This is an extremely exciting development for VANE, not only because of what might be discovered at McGhee Peak, but also because the discovery of this porphyry system provides confidence in the exploration techniques that VANE has been utilising in its exploration programme. Since the year end, VANE has announced that the Company's U.S. porphyry copper exploration programme, including the proposed diamond drilling programme at McGhee Peak, is best advanced by seeking to attract external third parties to help finance the proposed programme. The targets developed by the programme require additional funding beyond the present funding capabilities of the Company. This is expected to be through direct finance into either the individual exploration targets or into AVEN Associates LLC, the Company's wholly-owned subsidiary that holds the copper assets. Such financing would allow the Company to accelerate its exploration programme over and above what is currently achievable by VANE's existing resources. This process is underway and further information will be announced as it becomes available. In the meantime, the proposed exploration programme has been paused whilst the search for an appropriate partner to help provide these additional resources continues.
Uranium Exploration in the USA
The Company's uranium programme is led by the joint venture project with Uranium One Exploration U.S.A. Inc. (U1) in northern Arizona. All of the Company's uranium assets are currently held on a care and maintenance basis, other than set out below.
The most significant asset within the joint venture is the Wate Project which has a NI 43-101 compliant resource of 1.118m lbs eU3O8 with an average grade of 0.79% eU3O8. Ownership of the project is 50:50 between VANE and U1 and will remain 50:50 assuming that all development costs are split equally between the parties.
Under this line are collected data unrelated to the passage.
Lemma K0_off_energy_pos z n : K0 G m z -> (2 <= n)%nat -> 0 < off_energy n z.
Proof.
  intros Hz Hn.
  destruct (Series_ge0 _ (off_energy_terms_ge0 n z) (ex_off_energy n z (proj2 (proj1 Hz)))) as [|E];
    [assumption|].
  exfalso. apply (K0_not_mult_supported z n Hz Hn). intros j Hj.
  destruct (Nat.eq_dec (j mod n) 0) as [|Hmod]; [assumption|]. exfalso.
  pose proof (term_le_off_energy n z j (proj2 (proj1 Hz)) Hmod) as Hle.
  unfold off_energy in Hle. rewrite <- E in Hle.
  assert (Hj1 : (1 <= j)%nat) by (destruct j; [destruct Hz as [[H0 _] _]; congruence | lia]).
  assert (0 < INR j) by (apply lt_0_INR; lia).
  pose proof (pow2_ge_0 (INR j * z j)). assert (Hprod : INR j * z j = 0) by nra.
  apply Rmult_integral in Hprod. destruct Hprod; lra.
Qed.

Lemma K0_far_from_mult_supported z : K0 G m z ->
  exists delta, 0 < delta /\ forall n y, (2 <= n)%nat -> inV y -> mult_supported n y ->
    delta <= Vnorm (vsub y z).
Proof.
  intros Hz. pose proof PI_RGT_0.
  destruct (classic (exists j0, z j0 <> 0)) as [[j0 Hj0]|Hzero].
  2: { exfalso. destruct Hz as [_ [Hnz _]].
       replace z with vzero in Hnz by (apply functional_extensionality; intros j;
         apply NNPP; intros E; apply Hzero; eauto).
       rewrite Vnorm_vzero in Hnz. lra. }
  assert (Hj01 : (1 <= j0)%nat) by (destruct j0; [destruct Hz as [[H0 _] _]; congruence | lia]).
  set (t := (INR j0 * z j0) ^ 2).
  assert (Ht : 0 < t).
  { assert (0 < INR j0) by (apply lt_0_INR; lia).
    assert (INR j0 * z j0 <> 0) by (intros E; apply Rmult_integral in E; destruct E; lra).
    unfold t. rewrite <- Rsqr_pow2. apply Rsqr_pos_lt. assumption. }
  (* For [n > j0] the mode [j0] alone lies off the multiples of [n]. *)
  destruct (finite_pos_min (fun n => (2 <= n)%nat) (fun n => off_energy n z) j0
              (fun n _ Hn => K0_off_energy_pos z n Hz Hn)) as [d [Hd Hmin]].
  exists (PI * sqrt (Rmin d t)). split; [apply Rmult_lt_0_compat; [lra | apply sqrt_lt_R0, Rmin_pos; lra]|].
  intros n y Hn Hy Hsupp.
  assert (Hoff : Rmin d t <= off_energy n z).
  { destruct (Compare_dec.le_dec n j0) as [Hle|Hgt].
    - eapply Rle_trans; [apply Rmin_l | apply Hmin; assumption].
    - eapply Rle_trans; [apply Rmin_r|]. apply term_le_off_energy; [apply Hz|].
      rewrite Nat.mod_small; lia. }
  pose proof (off_energy_le_dist n y z Hy (proj2 (proj1 Hz)) Hsupp).
  apply Rsqr_incr_0_var; [|apply Vnorm_ge0]. rewrite !Rsqr_pow2, Rpow_mult_distr, pow2_sqrt
    by (apply Rlt_le, Rmin_pos; lra).
  pose proof (pow2_ge_0 PI). nra.
Qed.
Lemma RInt_ext_R (f g : R -> R) a b : (forall x, f x = g x) -> RInt f a b = RInt g a b :> R.
Proof. intros H; apply (RInt_ext (V:=R_CompleteNormedModule)); intros; apply H. Qed.

Lemma RInt_const_R c a b : RInt (fun _ => c) a b = (b - a) * c :> R.
Proof. rewrite (RInt_const (V:=R_CompleteNormedModule)); reflexivity. Qed.

Lemma RInt_scal_R (f : R -> R) a b c :
  continuous_R f -> RInt (fun x => c * f x) a b = c * RInt f a b :> R.
Proof. intros H; apply is_RInt_unique, is_RInt_scal_R, is_RInt_RInt_R, H. Qed.

Lemma RInt_lin (f g : R -> R) a b c d : continuous_R f -> continuous_R g ->
  RInt (fun x => c * f x + d * g x) a b = c * RInt f a b + d * RInt g a b :> R.
Proof.
  intros Hf Hg; apply is_RInt_unique.
  apply is_RInt_plus_R; apply is_RInt_scal_R, is_RInt_RInt_R; auto.
Qed.

Lemma RInt_Chasles_R (f : R -> R) a b c : continuous_R f -> RInt f a b + RInt f b c = RInt f a c.
Proof.
  intros H; apply (RInt_Chasles (V:=R_CompleteNormedModule)); apply ex_RInt_continuous_R, H.
Qed.

Lemma RInt_swap_R (f : R -> R) a b : continuous_R f -> RInt f b a = - RInt f a b :> R.
Proof.
  intros H; rewrite <- (opp_RInt_swap (V:=R_CompleteNormedModule)); [reflexivity|].
  apply ex_RInt_continuous_R, H.
Qed.

Lemma RInt_comp_lin_R (f : R -> R) u v a b : continuous_R f ->
  RInt (fun y => u * f (u * y + v)) a b = RInt f (u * a + v) (u * b + v) :> R.
Proof.
  intros H; rewrite <- (RInt_comp_lin (V:=R_CompleteNormedModule)); [reflexivity|].
  apply ex_RInt_continuous_R, H.
Qed.

Lemma RInt_odd (f : R -> R) :
  continuous_R f -> (forall y, f (- y) = - f y) -> RInt f (- PI) PI = 0 :> R.
Proof.
  intros H Hodd; pose proof (RInt_comp_lin_R f (-1) 0 (- PI) PI H) as E.
  replace (-1 * - PI + 0) with PI in E by ring; replace (-1 * PI + 0) with (- PI) in E by ring.
  rewrite (RInt_swap_R f (- PI) PI H), (RInt_ext_R _ f) in E; [lra|].
  intros y; replace (-1 * y + 0) with (- y) by ring; rewrite Hodd; ring.
Qed.

Section Periodic.
Variables (f : R -> R) (L : R).
Hypothesis Hf : continuous_R f.
Hypothesis Hper : forall y, f (y + L) = f y.

Lemma RInt_period_shift x c : RInt f x (x + L) = RInt f c (c + L) :> R.
Proof.
  assert (Hsh : RInt f (c + L) (x + L) = RInt f c x).
  { rewrite <- (Rmult_1_l c) at 1; rewrite <- (Rmult_1_l x) at 1.
    rewrite <- RInt_comp_lin_R by auto; apply RInt_ext_R.
    intros y; rewrite !Rmult_1_l, Hper; reflexivity. }
  rewrite <- (RInt_Chasles_R f x c (x + L)), <- (RInt_Chasles_R f c (c + L) (x + L)), Hsh,
    (RInt_swap_R f x c) by auto.
  ring.
Qed.

Lemma RInt_periods c (k : nat) : RInt f c (c + INR k * L) = INR k * RInt f c (c + L) :> R.
Proof.
  induction k.
  - simpl; rewrite Rmult_0_l, Rplus_0_r, RInt_point; unfold zero; simpl; ring.
  - rewrite S_INR, <- (RInt_Chasles_R f c (c + INR k * L)), IHk by auto.
    replace (c + (INR k + 1) * L) with (c + INR k * L + L) by ring.
    rewrite (RInt_period_shift (c + INR k * L) c); ring.
Qed.

End Periodic.

Lemma RInt_comp_mul_periodic (g : R -> R) (k : nat) :
  continuous_R g -> (forall x, g (x + 2 * PI) = g x) -> (1 <= k)%nat ->
  RInt (fun y => g (INR k * y)) (- PI) PI = RInt g (- PI) PI :> R.
Proof.
  intros Hg Hper Hk; assert (HK : 0 < INR k) by (apply lt_0_INR; lia).
  pose proof (RInt_comp_lin_R g (INR k) 0 (- PI) PI Hg) as E.
  rewrite RInt_scal_R in E
    by (apply (continuous_R_comp (fun y => INR k * y + 0)); continuous_R_tac).
  replace (INR k * - PI + 0) with (- (INR k * PI)) in E by ring.
  replace (INR k * PI + 0) with (- (INR k * PI) + INR k * (2 * PI)) in E by ring.
  rewrite RInt_periods, (RInt_period_shift g _ Hg Hper _ (- PI)) in E by auto.
  replace (- PI + 2 * PI) with PI in E by ring.
  rewrite (RInt_ext_R (fun y => g (INR k * y + 0)) (fun y => g (INR k * y))) in E
    by (intros; rewrite Rplus_0_r; reflexivity).
  apply Rmult_eq_reg_l with (INR k); [exact E | lra].
Qed.

(* Split [a, y] at the last point a + j L of the lattice on which the primitive vanishes. *)
Lemma RInt_periodic_mean_zero_bound (r : R -> R) (a L M : R) :
  continuous_R r -> 0 < L -> (forall y, r (y + L) = r y) -> RInt r a (a + L) = 0 ->
  (forall y, Rabs (r y) <= M) -> forall y, a <= y -> Rabs (RInt r a y) <= M * L / 2.
Proof.
  intros Hr HL Hper H0 HM y Hy.
  assert (HM0 : 0 <= M) by (specialize (HM 0); pose proof (Rabs_pos (r 0)); lra).
  assert (Hlat : forall j : nat, RInt r a (a + INR j * L) = 0 :> R)
    by (intros j; rewrite RInt_periods, H0 by auto; ring).
  set (x := (y - a) / L); destruct (base_Int_part x) as [B1 B2].
  assert (Hx : 0 <= x) by (apply Rmult_le_pos; [lra | apply Rlt_le, Rinv_0_lt_compat; lra]).
  assert (Hz : (0 <= Int_part x)%Z) by (assert (-1 < Int_part x)%Z by (apply lt_IZR; lra); lia).
  set (j := Z.to_nat (Int_part x)).
  assert (Ej : INR j = IZR (Int_part x)) by (unfold j; rewrite INR_IZR_INZ, Z2Nat.id; auto).
  assert (HxL : x * L = y - a) by (unfold x; field; lra).
  set (y0 := a + INR j * L).
  assert (Hy0 : y0 <= y <= y0 + L).
  { unfold y0; rewrite Ej.
    assert (IZR (Int_part x) * L <= x * L) by (apply Rmult_le_compat_r; lra).
    assert ((x - 1) * L <= IZR (Int_part x) * L) by (apply Rmult_le_compat_r; lra).
    lra. }
  assert (A1 : Rabs (RInt r y0 y) <= (y - y0) * M)
    by (apply abs_RInt_le_const; auto; [lra | apply ex_RInt_continuous_R, Hr]).
  assert (A2 : Rabs (RInt r y (y0 + L)) <= (y0 + L - y) * M)
    by (apply abs_RInt_le_const; auto; [lra | apply ex_RInt_continuous_R, Hr]).
  assert (E1 : RInt r a y = RInt r y0 y :> R).
  { rewrite <- (RInt_Chasles_R r a y0 y Hr); unfold y0; rewrite Hlat; ring. }
  assert (E2 : RInt r a y = - RInt r y (y0 + L) :> R).
  { pose proof (RInt_Chasles_R r a y (y0 + L) Hr) as E.
    replace (y0 + L) with (a + INR (S j) * L) in E |- * by (unfold y0; rewrite S_INR; ring).
    rewrite Hlat in E; lra. }
  destruct (Rle_or_lt (y - y0) (L / 2)).
  - rewrite E1; apply Rle_trans with ((y - y0) * M); [auto | nra].
  - rewrite E2, Rabs_Ropp; apply Rle_trans with ((y0 + L - y) * M); [auto | nra].
Qed.

Lemma RInt_one_period_zero (r : R -> R) (k : nat) : (1 <= k)%nat -> continuous_R r ->
  (forall y, r (y + 2 * PI / INR k) = r y) -> RInt r (- PI) PI = 0 ->
  RInt r (- PI) (- PI + 2 * PI / INR k) = 0 :> R.
Proof.
  intros Hk Hr Hper H0; assert (HK : 0 < INR k) by (apply lt_0_INR; lia).
  pose proof (RInt_periods r (2 * PI / INR k) Hr Hper (- PI) k) as E.
  replace (- PI + INR k * (2 * PI / INR k)) with PI in E by (field; lra).
  rewrite H0 in E; symmetry in E; apply Rmult_integral in E; destruct E; [lra|auto].
Qed.

Lemma is_derive_RInt_upper (f : R -> R) a y :
  continuous_R f -> is_derive (fun y => RInt f a y) y (f y).
Proof.
  intros H; apply (is_derive_RInt (V:=R_CompleteNormedModule) f (fun y => RInt f a y) a);
    [|apply H].
  exists (mkposreal 1 Rlt_0_1); intros b _; apply is_RInt_RInt_R, H.
Qed.

Lemma is_derive_Rplus f g y df dg :
  is_derive f y df -> is_derive g y dg -> is_derive (fun x => f x + g x) y (df + dg).
Proof. apply (is_derive_plus (K:=R_AbsRing) (V:=R_NormedModule)). Qed.

Lemma is_derive_Rminus f g y df dg :
  is_derive f y df -> is_derive g y dg -> is_derive (fun x => f x - g x) y (df - dg).
Proof. apply (is_derive_minus (K:=R_AbsRing) (V:=R_NormedModule)). Qed.

Lemma is_derive_Rmult f g y df dg :
  is_derive f y df -> is_derive g y dg -> is_derive (fun x => f x * g x) y (df * g y + f y * dg).
Proof.
  intros Hf Hg; apply (is_derive_mult (K:=R_AbsRing) f g y df dg Hf Hg); intros; apply Rmult_comm.
Qed.

Lemma ceilZ_ge x : x <= IZR (ceilZ x).
Proof. unfold ceilZ; rewrite opp_IZR; destruct (base_Int_part (- x)); lra. Qed.

Lemma ceilZ_0 : ceilZ 0 = 0%Z.
Proof. unfold ceilZ; rewrite Ropp_0, <- (Int_part_spec 0 0); [reflexivity | simpl; lra]. Qed.

Lemma ceilZ_pos_nat x : 0 < x -> exists k : nat, (1 <= k)%nat /\ IZR (ceilZ x) = INR k.
Proof.
  intros Hx; pose proof (ceilZ_ge x).
  assert (Hpos : (0 < ceilZ x)%Z) by (apply lt_IZR; simpl; lra).
  exists (Z.to_nat (ceilZ x)); split; [lia|].
  rewrite INR_IZR_INZ, Z2Nat.id; [reflexivity | lia].
Qed.

Lemma IVT_interior (f : R -> R) a b y :
  a < b -> continuity f -> f b < y < f a -> exists c, a < c < b /\ f c = y.
Proof.
  intros Hab Hf Hy; destruct (IVT_gen f a b y Hf) as [c [Hc Ec]].
  - rewrite Rmin_right, Rmax_left by lra; lra.
  - rewrite Rmin_left, Rmax_right in Hc by lra.
    exists c; split; [|exact Ec].
    assert (c <> a) by (intros ->; lra); assert (c <> b) by (intros ->; lra); lra.
Qed.

Lemma lipschitz_continuity (n : R -> R) (C : R) : 0 <= C ->
  (forall s t, Rabs (t - s) <= 1 -> Rabs (n t - n s) <= C * Rabs (t - s)) -> continuity n.
Proof.
  intros HC H s; unfold continuity_pt, continue_in, limit1_in, limit_in; intros eps Heps.
  exists (Rmin 1 (eps / (C + 1))); split.
  - apply Rmin_pos; [lra | apply Rdiv_lt_0_compat; lra].
  - intros t [_ Ht]; simpl in *; unfold R_dist in *.
    pose proof (Rmin_l 1 (eps / (C + 1))); pose proof (Rmin_r 1 (eps / (C + 1))).
    specialize (H s t ltac:(lra)); pose proof (Rabs_pos (t - s)).
    apply Rle_lt_trans with ((C + 1) * Rabs (t - s)); [nra|].
    replace eps with ((C + 1) * (eps / (C + 1))) by (field; lra).
    apply Rmult_lt_compat_l; lra.
Qed.

Lemma sum_n_le (u v : nat -> R) n :
  (forall k, (k <= n)%nat -> u k <= v k) -> sum_n u n <= sum_n v n.
Proof.
  induction n; intros H.
  - rewrite !sum_O; apply H; lia.
  - rewrite !sum_Sn; apply Rplus_le_compat; [apply IHn; intros; apply H|apply H]; lia.
Qed.

Lemma sum_n_Rext (u v : nat -> R) n : (forall k, u k = v k) -> sum_n u n = sum_n v n.
Proof. apply sum_n_ext. Qed.

Lemma sum_n_Rext_loc (u v : nat -> R) n :
  (forall k, (k <= n)%nat -> u k = v k) -> sum_n u n = sum_n v n.
Proof. apply sum_n_ext_loc. Qed.

Lemma sum_n_Rplus (u v : nat -> R) n : sum_n (fun k => u k + v k) n = sum_n u n + sum_n v n.
Proof. apply (sum_n_plus u v n). Qed.

Lemma sum_n_Rmult_l (a : R) (u : nat -> R) n : sum_n (fun k => a * u k) n = a * sum_n u n.
Proof. apply (sum_n_mult_l a u n). Qed.

Lemma sum_n_nonneg (u : nat -> R) n : (forall k, 0 <= u k) -> 0 <= sum_n u n.
Proof.
  intros H; apply Rle_trans with (sum_n (fun _ => 0) n).
  - rewrite sum_n_const; lra.
  - apply sum_n_le; auto.
Qed.

Lemma sum_n_shift (g : nat -> R) n : sum_n g (S n) = g O + sum_n (fun j => g (S j)) n.
Proof.
  induction n.
  - rewrite sum_Sn, !sum_O; reflexivity.
  - rewrite sum_Sn, IHn, (sum_Sn (fun j => g (S j))); unfold plus; simpl; ring.
Qed.

Lemma sum_n_indicator (k M : nat) (c : R) :
  sum_n (fun i => if Nat.eqb i k then c else 0) M = if Nat.leb k M then c else 0.
Proof.
  induction M.
  - rewrite sum_O; destruct k; reflexivity.
  - rewrite sum_Sn, IHM.
    destruct (Nat.eqb_spec (S M) k), (Nat.leb_spec k M), (Nat.leb_spec k (S M)); try lia;
      unfold plus; simpl; ring.
Qed.

Lemma sum_n_two_terms (g : nat -> R) (p q M : nat) : (p < q)%nat -> (q <= M)%nat ->
  (forall i, i <> p -> i <> q -> g i = 0) -> sum_n g M = g p + g q.
Proof.
  intros Hpq HqM H.
  assert (Hg : forall i, g i = (if Nat.eqb i p then g p else 0) + (if Nat.eqb i q then g q else 0)).
  { intros i; destruct (Nat.eqb_spec i p), (Nat.eqb_spec i q); subst; try lia; try ring.
    rewrite H by auto; ring. }
  rewrite (sum_n_Rext _ _ _ Hg), sum_n_Rplus, !sum_n_indicator.
  destruct (Nat.leb_spec p M), (Nat.leb_spec q M); try lia; reflexivity.
Qed.

Lemma sum_n_prod (a b : nat -> R) n m :
  sum_n a n * sum_n b m = sum_n (fun j => sum_n (fun k => a j * b k) m) n.
Proof.
  rewrite <- (sum_n_mult_r (K:=R_Ring)); apply sum_n_ext; intros j.
  symmetry; apply (sum_n_mult_l (K:=R_Ring)).
Qed.

(** * Fourier coefficients of first x-modes *)

Lemma sin_IZR_PI k : sin (IZR k * PI) = 0.
Proof. apply sin_eq_0_1; exists k; auto. Qed.

Definition int_cos (k : Z) (d : R) : R := if Z.eqb k 0 then 2 * PI * cos d else 0.
Definition int_sin (k : Z) (d : R) : R := if Z.eqb k 0 then 2 * PI * sin d else 0.

Lemma is_RInt_cos_lin k d : is_RInt (fun x => cos (IZR k * x + d)) (- PI) PI (int_cos k d).
Proof.
  unfold int_cos; destruct (Z.eqb_spec k 0) as [->|Hk].
  - eapply is_RInt_ext_R; [|apply is_RInt_const_R]; intros; simpl; f_equal; ring.
  - apply not_0_IZR in Hk.
    eapply is_RInt_value.
    + apply (is_RInt_derive (V:=R_CompleteNormedModule) (fun x => sin (IZR k * x + d) / IZR k)).
      * intros; auto_derive; auto; field; auto.
      * intros; apply continuous_R_cos; continuous_R_tac.
    + unfold minus, plus, opp; simpl.
      rewrite !sin_plus; replace (IZR k * - PI) with (- (IZR k * PI)) by ring.
      rewrite sin_neg, cos_neg, sin_IZR_PI; field; auto.
Qed.
(* Assume (A1) and let $\alpha\in\mathbb R$. Let $\mathsf M$ be a convex subset of $\mathcal M_1(\mathsf T)$ and let $\zeta_1,\zeta_2\in\mathsf M$ satisfy $\Psi_\alpha(\zeta_1)=\Psi_\alpha(\zeta_2)=\inf_{\zeta\in\mathsf M}\Psi_\alpha(\zeta)<\infty$. Then $\zeta_1K=\zeta_2K$.
   Context: Let $(\mathsf Y,\mathcal Y,\nu)$ be a measure space with $\nu$ $\sigma$-finite, $(\mathsf T,\mathcal T)$ a measurable space and $\mathcal M_1(\mathsf T)$ its probability measures. Let $k:\mathsf T\times\mathsf Y\to[0,\infty)$ be measurable with $\int k(\theta,y)\nu(dy)=1$, $K(\theta,A)=\int_Ak(\theta,y)\nu(dy)$, $\zeta K(A)=\int\zeta(d\theta)K(\theta,A)$, and $\zeta k(y)=\int\zeta(d\theta)k(\theta,y)$. Let $p$ be measurable positive on $\mathsf Y$. $f_0(u)=u-1-\log u$, $f_1(u)=1-u+u\log u$, $f_\alpha(u)=\frac{1}{\alpha(\alpha-1)}[u^\alpha-1-\alpha(u-1)]$ otherwise; $\Psi_\alpha(\zeta)=\int_{\mathsf Y}f_\alpha(\zeta k(y)/p(y))p(y)\nu(dy)$. Assumption (A1): $k>0$, $p>0$ everywhere and $\int p\,d\nu<\infty$. *)

From HB Require Import structures.
From mathcomp Require Import all_boot all_order all_algebra.
From mathcomp Require Import all_classical all_reals all_analysis.
Set Implicit Arguments. Unset Strict Implicit. Unset Printing Implicit Defensive.
Import Order.TTheory GRing.Theory Num.Theory.
Import numFieldNormedType.Exports.
Local Open Scope classical_set_scope.
Local Open Scope ring_scope.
The original joint venture agreement stated that VANE would manage the exploration stage of the project, but that on proving a NI 43-101 compliant resource of at least 1 million lbs eU3O8, U1 would take over the management of the project for the pre-development and development stages as the project is advanced towards production. However, VANE and U1 have now agreed (as announced on 6 June 2012) that the management of the pre-development and development stages of the Wate Project will be transferred to VANE with immediate effect. Following the transfer of the management of the Wate Project to VANE, an application has been submitted to obtain a Mineral Lease on the Wate project to the Arizona State Land Department (ASLD).
A Mineral Lease gives authority to develop the project contingent on obtaining environmental compliance permits from the Arizona Department of Environmental Quality (ADEQ). VANE has concluded pre-application conferences with ADEQ and is making arrangements with environmental consulting firms to handle the permit application and permitting process. According to ASLD and ADEQ, the timing for approval is 12-18 months from application for both processes, which can run simultaneously. VANE therefore anticipates that Wate Mining Company LLC will receive approval to commence development of the Wate project during 2014.
Legal Update
As previous announced, VANE has filed a lawsuit, as principal, in the U.S. Court of Federal Claims seeking redress on financial losses as a result of the withdrawal of the Federal lands where VANE held its mining claims on which it had invested substantially. In documents submitted to the Court, VANE represented that it invested US$8.5M in its uranium program and that the U.S. Bureau of Land Management acknowledged that the withdrawal deprived VANE of at least one mine, with a net value of approximately $80M. This claim was dismissed by the U.S. Court of Federal Claims on 30 May 2013 owing to a legal technicality regarding the filing of the original complaint and the company plans to re-file its claim forthwith. .
The Company continues to maintain that it followed established precedence in investing in its mining claims and was unaware that the DOI might take these lands without warning and without compensation for VANE's investment. Development of hard-rock minerals has long been undertaken through the unpatented mining claim system, which is the only avenue to obtain, control, and protect rights to develop hard-rock minerals on federal lands in the U.S. and has been and continues to be used extensively by corporations and individuals. The Directors believe that the recent developments in the legal proceedings support VANE's position.
FINANCIAL REVIEW
Revenue
Revenue for the year has been generated from both the Diablito Mine and the La Colorada concession joint venture mine. La Colorada accounted for the majority of this revenue with Diablito supplying ore for processing solely in the month of June. The Income Statement reports total revenue for the year ended 31 December 2012 of £5,759,225 (2011: £3,678,126). Revenue from the Met-Sin joint venture have remained robust due to consistent grades being achieved which were matched by improved recovery rates.
Income Statement
The Group reported a net loss after tax of £542,619 or 0.12p per share for the year ended 31 December 2012 (2011: net loss after tax of £1,603,980 or 0.46p). The Group reported a gross profit of £1,707,977 (2011: £569,522) after charging profit share payments due under the terms of the joint venture of £1,428,558 (2011: £633,996) and depreciation of £379,954 (2011: £653,281).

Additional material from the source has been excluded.